-------- Dataset extract

(* If $\mathbf{A}\in\mathbb{R}^{n_1\times r}$ and $\mathbf{B}\in\mathbb{R}^{n_2\times r}$, then $\mu(\mathbf{A}\odot\mathbf{B})\le\mu(\mathbf{A})\mu(\mathbf{B})r$.
   Context: For an $n\times r$ matrix $\mathbf{M}$, its coherence is $\mu(\mathbf{M})=\frac{n}{r}\max_{i\in[n]}\|\mathrm{proj}_{\mathrm{col}(\mathbf{M})}\mathbf{e}_i\|_2^2$, where $r$ is the number of columns, $\mathrm{col}(\mathbf{M})$ the column space and $\mathbf{e}_i$ the $i$-th standard basis vector. The Khatri–Rao product $\mathbf{A}\odot\mathbf{B}\in\mathbb{R}^{n_1n_2\times r}$ is the matrix whose $\ell$-th column is the Kronecker product $\mathbf{A}_{:,\ell}\otimes\mathbf{B}_{:,\ell}$. *)

From HB Require Import structures.
From mathcomp Require Import all_boot all_order all_algebra.
From mathcomp Require Import reals.
From Stdlib Require Import ClassicalEpsilon.
Set Implicit Arguments. Unset Strict Implicit. Unset Printing Implicit Defensive.
Import Order.TTheory GRing.Theory Num.Theory.
Local Open Scope ring_scope.

Section Defs.
Variable R : realType.

Definition is_proj_col (n r : nat) (M : 'M[R]_(n, r)) (v p : 'cV[R]_n) : Prop :=
  (p^T <= M^T)%MS /\ M^T *m (v - p) = 0.

(* proj_{col(M)} v (exists and is unique; chosen by choice) *)
Definition proj_col (n r : nat) (M : 'M[R]_(n, r)) (v : 'cV[R]_n) : 'cV[R]_n :=
  epsilon (inhabits 0) (is_proj_col M v).

Definition sqnorm (n : nat) (v : 'cV[R]_n) : R := \sum_(i < n) v i 0 ^+ 2.

Definition e_vec (n : nat) (i : 'I_n) : 'cV[R]_n := delta_mx i 0.

Definition coherence (n r : nat) (M : 'M[R]_(n, r)) : R :=
  n%:R / r%:R * \big[Num.max/0]_(i < n) sqnorm (proj_col M (e_vec i)).

(* Khatri-Rao product: column l is A_{:,l} (Kronecker) B_{:,l}; the row index
   (i, j) is encoded row-major as mxvec_index i j, i.e. value i * n2 + j. *)
Definition khatri_rao (n1 n2 r : nat) (A : 'M[R]_(n1, r)) (B : 'M[R]_(n2, r))
  : 'M[R]_(n1 * n2, r) :=
  \matrix_(k, l)
    (let ij := enum_val (cast_ord (esym (mxvec_cast n1 n2)) k) in
     A ij.1 l * B ij.2 l).
End Defs.

From HB Require Import structures.
From mathcomp Require Import all_boot all_order all_algebra.
From mathcomp Require Import reals.
From Stdlib Require Import ClassicalEpsilon.
From mathcomp Require Import ring.
Set Implicit Arguments. Unset Strict Implicit. Unset Printing Implicit Defensive.
Import Order.TTheory GRing.Theory Num.Theory.
Local Open Scope ring_scope.

(* The columns of A ⊙ B are the tensors a_l ⊗ b_l, and the index (i, j) has
   e_(i,j) = e_i ⊗ e_j.  With p = proj_A e_i and q = proj_B e_j, the tensor
   p ⊗ q has the same inner products with every a_l ⊗ b_l as e_i ⊗ e_j,
   since <a_l ⊗ b_l, p ⊗ q> = <a_l, p><b_l, q>.  The projection of e_(i,j) is
   the shortest such vector, so ||proj e_(i,j)||^2 <= ||p||^2 ||q||^2.  Taking
   maxima and multiplying by (n1 n2)/r gives mu(A ⊙ B) <= mu(A) mu(B) r. *)

Lemma rV_self_mul_eq0 (R : realDomainType) n (x : 'rV[R]_n) :
  (x *m x^T) 0 0 = 0 -> x = 0.
Proof.
have x2_ge0 j : 0 <= x 0 j * x^T j 0 by rewrite mxE -expr2 sqr_ge0.
rewrite mxE => /(psumr_eq0P (fun j _ => x2_ge0 j)) x2_eq0.
apply/rowP => i; move/eqP: (x2_eq0 i isT).
by rewrite mxE -expr2 sqrf_eq0 => /eqP ->; rewrite mxE.
Qed.

Lemma sum_mxvec_index (V : nmodType) n1 n2 (F : 'I_(n1 * n2) -> V) :
  \sum_k F k = \sum_i \sum_j F (mxvec_index i j).
Proof.
by rewrite pair_bigA (reindex _ (curry_mxvec_bij n1 n2)); apply: eq_bigr => -[].
Qed.

Section OrthogonalProjection.
Variable R : realType.

Definition vdot n (u v : 'cV[R]_n) : R := \sum_i u i 0 * v i 0.

Lemma vdotBr n (u v w : 'cV[R]_n) : vdot u (v - w) = vdot u v - vdot u w.
Proof. by rewrite /vdot -sumrB; apply: eq_bigr => i _; rewrite !mxE mulrBr. Qed.

Lemma vdot_mulmxl n r (M : 'M[R]_(n, r)) (d : 'cV_r) w :
  vdot (M *m d) w = \sum_l d l 0 * vdot (col l M) w.
Proof.
rewrite /vdot; under eq_bigr do rewrite mxE big_distrl /=.
rewrite exchange_big; apply: eq_bigr => l _; rewrite big_distrr.
by apply: eq_bigr => i _; rewrite /= !mxE mulrCA mulrA.
Qed.

Lemma sqnorm_ge0 n (u : 'cV[R]_n) : 0 <= sqnorm u.
Proof. by apply: sumr_ge0 => i _; rewrite sqr_ge0. Qed.

Lemma sqnormD_orth n (u w : 'cV[R]_n) :
  vdot u w = 0 -> sqnorm (u + w) = sqnorm u + sqnorm w.
Proof.
move=> uw0; rewrite /sqnorm.
under eq_bigr do rewrite mxE sqrrD.
by rewrite !big_split /= -/(vdot u w) uw0 !addr0.
Qed.

(* R^n is the direct sum of col(M) and ker(M^T): a vector of both is
   orthogonal to itself. *)
Lemma is_proj_col_exists n r (M : 'M[R]_(n, r)) v : exists p, is_proj_col M v p.
Proof.
have cap0 : \rank (M^T :&: kermx M)%MS = 0%N.
  apply/eqP; rewrite mxrank_eq0 -submx0; apply/rV_subP => x.
  rewrite sub_capmx => /andP[/submxP[D ->] /sub_kermxP DMM0].
  rewrite submx0; apply/eqP/rV_self_mul_eq0.
  by rewrite trmx_mul trmxK mulmxA DMM0 mul0mx mxE.
have full : row_full (M^T + kermx M)%MS.
  rewrite /row_full; have := mxrank_sum_cap M^T (kermx M).
  by rewrite cap0 addn0 => ->; rewrite mxrank_tr mxrank_ker subnKC ?rank_leq_row.
have /sub_addsmxP [[u w] /= vE] := submx_full v^T full.
exists (u *m M^T)^T; split; first by rewrite trmxK submxMl.
apply: trmx_inj; rewrite trmx0 trmx_mul trmxK linearB /= trmxK vE addrC addKr.
by rewrite -mulmxA mulmx_ker mulmx0.
Qed.

Lemma proj_colP n r (M : 'M[R]_(n, r)) v : is_proj_col M v (proj_col M v).
Proof. exact: epsilon_spec (is_proj_col_exists M v). Qed.

Lemma is_proj_col_vdot n r (M : 'M[R]_(n, r)) v p :
  is_proj_col M v p -> forall l, vdot (col l M) p = vdot (col l M) v.
Proof.
move=> [_ orth] l; apply/eqP; rewrite eq_sym -subr_eq0 -vdotBr.
have := congr1 (fun X : 'cV_r => X l 0) orth; rewrite !mxE => <-.
by apply/eqP/eq_bigr => i _; rewrite !mxE.
Qed.

Lemma is_proj_col_sqnorm_min n r (M : 'M[R]_(n, r)) v p q :
  is_proj_col M v p -> (forall l, vdot (col l M) q = vdot (col l M) v) ->
  sqnorm p <= sqnorm q.
Proof.
move=> pP qv; have [/submxP[D pE] _] := pP.
have {}pE : p = M *m D^T by rewrite -[p]trmxK pE trmx_mul trmxK.
have orth : vdot p (q - p) = 0.
  rewrite pE vdot_mulmxl big1 // => l _.
  by rewrite vdotBr -pE qv (is_proj_col_vdot pP) subrr mulr0.
by rewrite -[q](addrNK p) addrC sqnormD_orth // lerDl sqnorm_ge0.
Qed.

End OrthogonalProjection.

Section KhatriRao.
Variable R : realType.

Definition kron_cV n1 n2 (x : 'cV[R]_n1) (y : 'cV[R]_n2) : 'cV[R]_(n1 * n2) :=
  (mxvec (x *m y^T))^T.

Lemma kron_cVE n1 n2 (x : 'cV[R]_n1) (y : 'cV[R]_n2) i j :
  kron_cV x y (mxvec_index i j) 0 = x i 0 * y j 0.
Proof. by rewrite mxE mxvecE mxE big_ord1 mxE. Qed.

Lemma vdot_kron n1 n2 (x u : 'cV[R]_n1) (y w : 'cV[R]_n2) :
  vdot (kron_cV x y) (kron_cV u w) = vdot x u * vdot y w.
Proof.
rewrite /vdot sum_mxvec_index big_distrlr /=.
by do 2!apply: eq_bigr => ? _; rewrite !kron_cVE mulrACA.
Qed.

Lemma sqnorm_kron n1 n2 (x : 'cV[R]_n1) (y : 'cV[R]_n2) :
  sqnorm (kron_cV x y) = sqnorm x * sqnorm y.
Proof.
have sqnormE n (u : 'cV[R]_n) : sqnorm u = vdot u u.
  by apply: eq_bigr => i _; rewrite expr2.
by rewrite !sqnormE vdot_kron.
Qed.

Lemma e_vec_mxvec_index n1 n2 (i : 'I_n1) (j : 'I_n2) :
  e_vec R (mxvec_index i j) = kron_cV (e_vec R i) (e_vec R j).
Proof. by rewrite /kron_cV trmx_delta mul_delta_mx mxvec_delta trmx_delta. Qed.

Lemma col_khatri_rao n1 n2 r (A : 'M[R]_(n1, r)) (B : 'M[R]_(n2, r)) l :
  col l (khatri_rao A B) = kron_cV (col l A) (col l B).
Proof.
apply/colP => k; case/mxvec_indexP: k => i j.
by rewrite kron_cVE !mxE cast_ordK enum_rankK.
Qed.

Lemma sqnorm_proj_khatri_rao n1 n2 r (A : 'M[R]_(n1, r)) (B : 'M[R]_(n2, r)) i j :
  sqnorm (proj_col (khatri_rao A B) (e_vec R (mxvec_index i j)))
  <= sqnorm (proj_col A (e_vec R i)) * sqnorm (proj_col B (e_vec R j)).
Proof.
rewrite -sqnorm_kron; apply: is_proj_col_sqnorm_min; first exact: proj_colP.
move=> l; rewrite col_khatri_rao e_vec_mxvec_index !vdot_kron.
by rewrite !(is_proj_col_vdot (proj_colP _ _)).
Qed.

Definition max_leverage n r (M : 'M[R]_(n, r)) : R :=
  \big[Num.max/0]_(i < n) sqnorm (proj_col M (e_vec R i)).

Lemma max_leverage_ge0 n r (M : 'M[R]_(n, r)) : 0 <= max_leverage M.
Proof. exact: bigmax_ge_id. Qed.

Lemma max_leverage_khatri_rao n1 n2 r (A : 'M[R]_(n1, r)) (B : 'M[R]_(n2, r)) :
  max_leverage (khatri_rao A B) <= max_leverage A * max_leverage B.
Proof.
apply: bigmax_le => [|k _]; first by rewrite mulr_ge0 ?max_leverage_ge0.
case/mxvec_indexP: k => i j; apply: le_trans (sqnorm_proj_khatri_rao A B i j) _.
by rewrite ler_pM ?sqnorm_ge0 //; apply: le_bigmax.
Qed.

End KhatriRao.

Theorem lemma2 (R : realType) (n1 n2 r : nat)
  (A : 'M[R]_(n1, r)) (B : 'M[R]_(n2, r)) :
  coherence (khatri_rao A B) <= coherence A * coherence B * r%:R.
Proof.
rewrite /coherence -!/(max_leverage _).
have [-> | r_neq0] := eqVneq (r%:R : R) 0; first by rewrite invr0 !mulr0 mul0r.
have -> : n1%:R / r%:R * max_leverage A * (n2%:R / r%:R * max_leverage B) * r%:R
        = (n1 * n2)%:R / r%:R * (max_leverage A * max_leverage B) :> R.
  by rewrite natrM; field.
by rewrite ler_wpM2l ?divr_ge0 ?ler0n ?max_leverage_khatri_rao.
Qed.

----------------

## What to do
Each line above that contains the string "OrthogonalProjection" should be identified and copied.

## Solution for this problem
Section OrthogonalProjection.
End OrthogonalProjection.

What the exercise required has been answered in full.